6 / 55 This willingness to recognise liability for pure economic loss extends also to other fields, in which there are close relationships or a special relationship. In particular, cases of the actual provision of information without contractual basis come to mind 114. This also applies to cases where someone who provides information is liable, in particular a hired expert if such is aware that third parties will rely on his statement and be guided by his explanation when it comes to making their decisions; furthermore if the information was also specifically intended for third parties 115. The issue of a prospectus 116 provides a classic example.

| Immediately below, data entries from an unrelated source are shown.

(* Consider a reasonable rank-one construction with symbolic model $\Omega$. Fix $\varepsilon>0$ and an integer $\ell\ge1$. Then there exists $N(\varepsilon,\ell)$ such that for every integer $N\ge N(\varepsilon,\ell)$ and every $\omega\in\Omega$, the word $W=\omega_1\omega_2\cdots\omega_N$ can be written as $W=ABC$ with (possibly empty) words $A,B,C$ such that $B=1^s$ for some $s\ge0$, and there is a family of occurrences, at pairwise disjoint positions, of building blocks $B_n$ with $n\ge\ell$ inside $A$ and inside $C$, such that the total number of positions of $A$ and of $C$ not covered by these occurrences is at most $\varepsilon N$.
   Context: Rank-one parameters: integers $p_n\ge2$, integers $s_{n,i}\ge0$ ($0\le i\le p_n-1$), $h_1=1$, $h_{n+1}=p_nh_n+\sum_is_{n,i}$, $\sum_n\frac1{h_{n+1}}\sum_is_{n,i}<\infty$. Reasonable: $t_n:=\max_{0\le i\le p_n-1}s_{n,i}=o(h_n)$. Building blocks: $B_1=0$, $B_{n+1}=B_n1^{s_{n,0}}B_n1^{s_{n,1}}\cdots B_n1^{s_{n,p_n-1}}$ (words over $\{0,1\}$, $|B_n|=h_n$). $\Omega\subset\{0,1\}^{\mathbb Z}$ is the set of sequences all of whose finite subwords are subwords of some $B_m$. *)

(* words are lists of bool (false = 0, true = 1), reals from Stdlib. *)
From Stdlib Require Import Reals ZArith Arith List.
Import ListNotations.
Open Scope R_scope.
Lemma circ_spot_no_wrap (occ : seq T) (a : T) : (0%R : T) \notin occ ->
  [/\ nat_of_ord (circ_spot occ a) <= a, circ_spot occ a \notin occ &
      forall t : T, nat_of_ord (circ_spot occ a) < t <= a -> t \in occ].
Proof.
move=> free0; set P := (fun x : T => x \notin occ).
have le_find_a : find P (back_cands a) <= a.
  rewrite leqNgt; apply/negP => /(before_find a).
  by rewrite nth_back_cands // natr_Zp subrr /P free0.
have lt_find_n : find P (back_cands a) < n by have := ltn_ord a; lia.
have spotE : nat_of_ord (circ_spot occ a) = a - find P (back_cands a).
  by rewrite /circ_spot nth_back_cands // val_sub_nat.
have spot_free : circ_spot occ a \notin occ.
  by apply: (@nth_find _ a P); apply/hasP; exists 0%R => //; apply: mem_back_cands.
split => //; first by rewrite spotE leq_subr.
move=> t /andP [lt_spot_t le_t_a].
have lt_at : a - t < find P (back_cands a) by rewrite spotE in lt_spot_t; lia.
have := before_find a lt_at; rewrite nth_back_cands; last by have := ltn_ord a; lia.
have -> : (a - (a - t)%:R)%R = t.
  by apply: val_inj; rewrite val_sub_nat ?leq_subr // subKn.
by rewrite /P => /negbFE.
Qed.

(* If moreover at most n-2 spots are taken, the car walks back at most n-2
   steps: otherwise all of 1..n-1 would be taken. *)
Lemma circ_spot_near (occ : seq T) (a : T) :
  (0%R : T) \notin occ -> size occ <= m -> a - circ_spot occ a <= m.
Proof.
move=> free0 size_occ; have [_ _ taken] := circ_spot_no_wrap a free0.
rewrite leqNgt; apply/negP => far.
have all_but0 : predC1 (0%R : T) \subset occ.
  apply/subsetP => t; rewrite inE => t_neq0; apply: taken.
  have t_pos : 0 < nat_of_ord t by rewrite lt0n; apply: contra t_neq0 => /eqP t0; apply/eqP/val_inj.
  by have := ltn_ord t; have := ltn_ord a; lia.
have := leq_trans (subset_leq_card all_but0) (card_size occ).
by rewrite cardC1 card_ord /= leqNgt ltnS size_occ.
Qed.

End CircularParking.

Section NaplesAsCircular.
Variable m : nat.
Local Notation n := m.+2.
Local Notation T := 'I_n.

Definition spot_of (x : T) : nat := x.+1.

Lemma spot_of_inj : injective spot_of.
Proof. by move=> x y [] /val_inj. Qed.

Lemma mem_spot_of (occ : seq T) (x : T) : ((x : nat).+1 \in map spot_of occ) = (x \in occ).
Proof. exact: (mem_map spot_of_inj). Qed.
Theorem theorem1p1 (f : seq int) :
  (0 < size f)%N -> (forall i : nat, (i < size f)%N -> (0 < f`_i)%R) ->
  [<->
    (exists (n : nat) (D : {set {set 'I_n}}),
        [/\ is_complex D, quasi_forest D & has_fvector D f]);
    (exists (n : nat) (D : {set {set 'I_n}}),
        [/\ is_complex D, forest D & has_fvector D f]);
    (forall k : nat, (1 <= k <= size f)%N ->
        (0 < \sum_(k <= i < (size f).+1) (cpoly f)`_i)%R);
    (forall i : nat, (i < size f)%N -> (0 < (bpoly f)`_i)%R)].
Proof.
move=> _ _.
have qf_tails : (exists n (D : {set {set 'I_n}}),
    [/\ is_complex D, quasi_forest D & has_fvector D f]) ->
  forall k, (1 <= k <= size f)%N -> 0 < tail_sum (size f).+1 k (cpoly f).
  by case=> n [D [[_ closedD] qfD [dimD fD]]]; apply: quasi_forest_tail_sum_gt0 qfD dimD fD.
have tails_bpos : (forall k, (1 <= k <= size f)%N -> 0 < tail_sum (size f).+1 k (cpoly f)) ->
  forall i, (i < size f)%N -> 0 < (bpoly f)`_i.
  by move=> tails i lti; rewrite -tail_sum_cpoly // tails.
have forest_qf : (exists n (D : {set {set 'I_n}}),
    [/\ is_complex D, forest D & has_fvector D f]) ->
  exists n (D : {set {set 'I_n}}), [/\ is_complex D, quasi_forest D & has_fvector D f].
  by case=> n [D [cD fD hD]]; exists n, D; split=> //; apply: forest_quasi_forest.
tfae=> [qf | fo | tails | bpos].
- exact/bpoly_gt0_forest/tails_bpos/qf_tails.
- exact/qf_tails/forest_qf.
- exact: tails_bpos.
- exact/forest_qf/bpoly_gt0_forest.
Qed.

6 / 56 It is noteworthy that Austrian courts, taking their line from academic consensus, proceed on the basis that the protective scope of contracts to the benefit of third parties generally does not include the pure economic interests of the third parties 117. An exception is made when the main performance is rendered to the third party and thus, when such damage could only accrue to such. This is clearly because this prerequisite negates the argument about opening the floodgates of a boundless duty to compensate.

This indicates that the grounds for distinguishing between tort and breach of contract only apply in full to the core areas of such; they may or may not apply, in full or in part, in the interim areas ( cf above no 4 / 9 ff ). There is no sharp dividing line between the core areas of breach of contract and tort, instead there is a fluid transition with many interim gradations in respect of which it is necessary to reexamine the extent to which the principles of one or both of the core areas apply.

6 / 57 Furthermore, there is consensus that economic loss must be compensated when such constitutes consequential loss deriving from the infringement of an absolutely protected right 118.

112Cf van Boom, Pure Economic Loss: A Comparative Perspective, in: van Boom / Koziol / Witting, Pure Economic Loss 22 f.

113See fundamentally on this Canaris, Ansprüche wegen » positiver Vertragsverletzung « und » Schutzwirkungen für Dritte « bei nichtigen Verträgen, JZ 1965, 475 ff.

114Cf regarding information provided by banks Koziol, Bankauskunft, Raterteilung und Aufklärung, in: Apathy / Iro / Koziol, Österreichisches Bankvertragsrecht I2 ( 2007 ) no 3 / 10.

115On this Canaris, Schutzgesetz – Verkehrspflichten – Schutzpflichten, Larenz-FS ( 1983 ) 91 ff; see also OGH 8 Ob 51 / 08w in JBl 2009, 174.

116In more detail Koziol, Das Emissionsgeschäft, in: Apathy / Iro / Koziol, Österreichisches Bankvertragsrecht VI2 ( 2007 ) no 1 / 91 ff with additional references.

117Cf Karner in KBB, ABGB2 §1295 no 19.

118Koziol, Haftpflichtrecht I3 no 8 / 35.